### What the exercise asks
Go through the entries, filter for the word "andP", and copy every line that has it.

### Data entries
────────────────────
(* Applied to the factor [f_c], [e_(rhi q, h1)] and then [e_(l0, rlo q)] produce
   [f_q]; an operator is omitted when the corresponding endpoints already agree. *)
Definition rim_ops (q : posroot n) :=
  seq_of_opt (mkroot n l0 (rlo q)) ++ seq_of_opt (mkroot n (rhi q) h1).

Definition rim_word (S : seq (posroot n)) := flatten (map rim_ops S).

Lemma rim_word_cons q S : rim_word (q :: S) = rim_ops q ++ rim_word S.
Proof. by []. Qed.

Lemma rim_word_on_rim S : all (on_rim l0 h1) (rim_word S).
Proof.
apply/allP => a /flattenP[s /mapP[v _ ->]]; rewrite mem_cat /on_rim.
by case/orP; case: mkrootP => //= u e1 e2; rewrite inE => /eqP ->; rewrite e1 e2 eqxx ?orbT.
Qed.

Lemma mem_wterms_opt (o : option (posroot n)) P Q v u Ts :
  P ++ v :: Q \in Ts -> (if o is Some a then eshift l0 h1 a v == Some u else u == v) ->
  P ++ u :: Q \in wterms l0 h1 (seq_of_opt o) Ts.
Proof.
case: o => [a|] hT /eqP e /=; last by rewrite e.
by apply: (mem_wterms_cons (w := [::]) hT); apply: mem_leibniz.
Qed.

Lemma mem_wterms_rim_ops q P Q Ts : in_box l0 h1 q ->
  P ++ c :: Q \in Ts -> P ++ q :: Q \in wterms l0 h1 (rim_ops q) Ts.
Proof.
case/andP=> hlq hqh hT; have lt_l0_hq := leq_ltn_trans hlq (rlo_lt_rhi q).
have [c' e1 e2] : exists2 c' : posroot n, rlo c' = l0 & rhi c' = rhi q.
  by case: (mkrootP n l0 (rhi q)) => [c' ? ?|]; [exists c' | rewrite lt_l0_hq rhi_lt].
rewrite /rim_ops wterms_cat; apply: (mem_wterms_opt (v := c')); last first.
  case: (mkrootP n l0 (rlo q)) => [a ea1 ea2|na].
    by rewrite /eshift ea1 e1 !eqxx ea2 e2 mkrootK.
  apply/eqP/posroot_eq; last by [].
  apply/eqP; rewrite e1 eqn_leq hlq andbT leqNgt; apply: contra na => ->.
  by rewrite (ltn_trans (rlo_lt_rhi q) (rhi_lt q)).
apply: (mem_wterms_opt hT).
case: (mkrootP n (rhi q) h1) => [b eb1 eb2|nb].
  by rewrite /eshift eb1 (gtn_eqF lt_l0_hq) eqxx -e1 -e2 mkrootK.
apply/eqP/posroot_eq => //; rewrite e2.
by apply/eqP; rewrite eqn_leq hqh leqNgt; apply: contra nb => ->; rewrite rhi_lt.
Qed.

Lemma mem_rim_word S : all (in_box l0 h1) S -> forall k,
  nseq k c ++ S \in wterms l0 h1 (rim_word S) [:: nseq (k + size S) c].
Proof.
elim: S => [|q S IH] /= => [_ k|/andP[bq bS] k]; first by rewrite cats0 addn0 mem_seq1.
rewrite wterms_cat; apply: mem_wterms_rim_ops => //.
by have := IH bS k.+1; rewrite addSnnS -[k.+1]addn1 nseqD -catA.
Qed.

Lemma lo_added_rim_ops q : in_box l0 h1 q ->
  lo_added l0 (rim_ops q) = [seq x <- [:: rlo q] | x != l0].
Proof.
case/andP=> hlq _; have lt_l0_hq := leq_ltn_trans hlq (rlo_lt_rhi q).
rewrite /rim_ops lo_added_cat /lo_added.
have -> : [seq rhi b | b <- seq_of_opt (mkroot n (rhi q) h1) & rlo b == l0] = [::].
  by case: mkrootP => [b eb1 _|] //=; rewrite eb1 (gtn_eqF lt_l0_hq).
rewrite cats0; case: mkrootP => [a ea1 ea2|na] /=.
  have lt : (l0 < rlo q)%N by rewrite -ea1 -ea2 rlo_lt_rhi.
  by rewrite ea1 eqxx /= ea2 (gtn_eqF lt).
suff -> : rlo q = l0 by rewrite eqxx.
apply/eqP; rewrite eqn_leq hlq andbT leqNgt; apply: contra na => ->.
by rewrite (ltn_trans (rlo_lt_rhi q) (rhi_lt q)).
Qed.

Lemma hi_added_rim_ops q : in_box l0 h1 q ->
  hi_added l0 (rim_ops q) = [seq x <- [:: rhi q] | x != h1].
Proof.
case/andP=> hlq hqh; have lt_l0_hq := leq_ltn_trans hlq (rlo_lt_rhi q).
rewrite /rim_ops hi_added_cat /hi_added.
have -> : [seq rlo a | a <- seq_of_opt (mkroot n l0 (rlo q)) & rlo a != l0] = [::].
  by case: mkrootP => [a ea1 _|] //=; rewrite ea1 eqxx.
case: mkrootP => [b eb1 eb2|nb] /=.
  have lt : (rhi q < h1)%N by rewrite -eb1 -eb2 rlo_lt_rhi.
  by rewrite eb1 (gtn_eqF lt_l0_hq) /= eb1 (ltn_eqF lt).
suff -> : rhi q = h1 by rewrite eqxx.
by apply/eqP; rewrite eqn_leq hqh leqNgt; apply: contra nb => ->; rewrite rhi_lt.
Qed.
────────────────────
### Response to the exercise
case/andP=> hlq hqh hT; have lt_l0_hq := leq_ltn_trans hlq (rlo_lt_rhi q).
elim: S => [|q S IH] /= => [_ k|/andP[bq bS] k]; first by rewrite cats0 addn0 mem_seq1.
case/andP=> hlq _; have lt_l0_hq := leq_ltn_trans hlq (rlo_lt_rhi q).
case/andP=> hlq hqh; have lt_l0_hq := leq_ltn_trans hlq (rlo_lt_rhi q).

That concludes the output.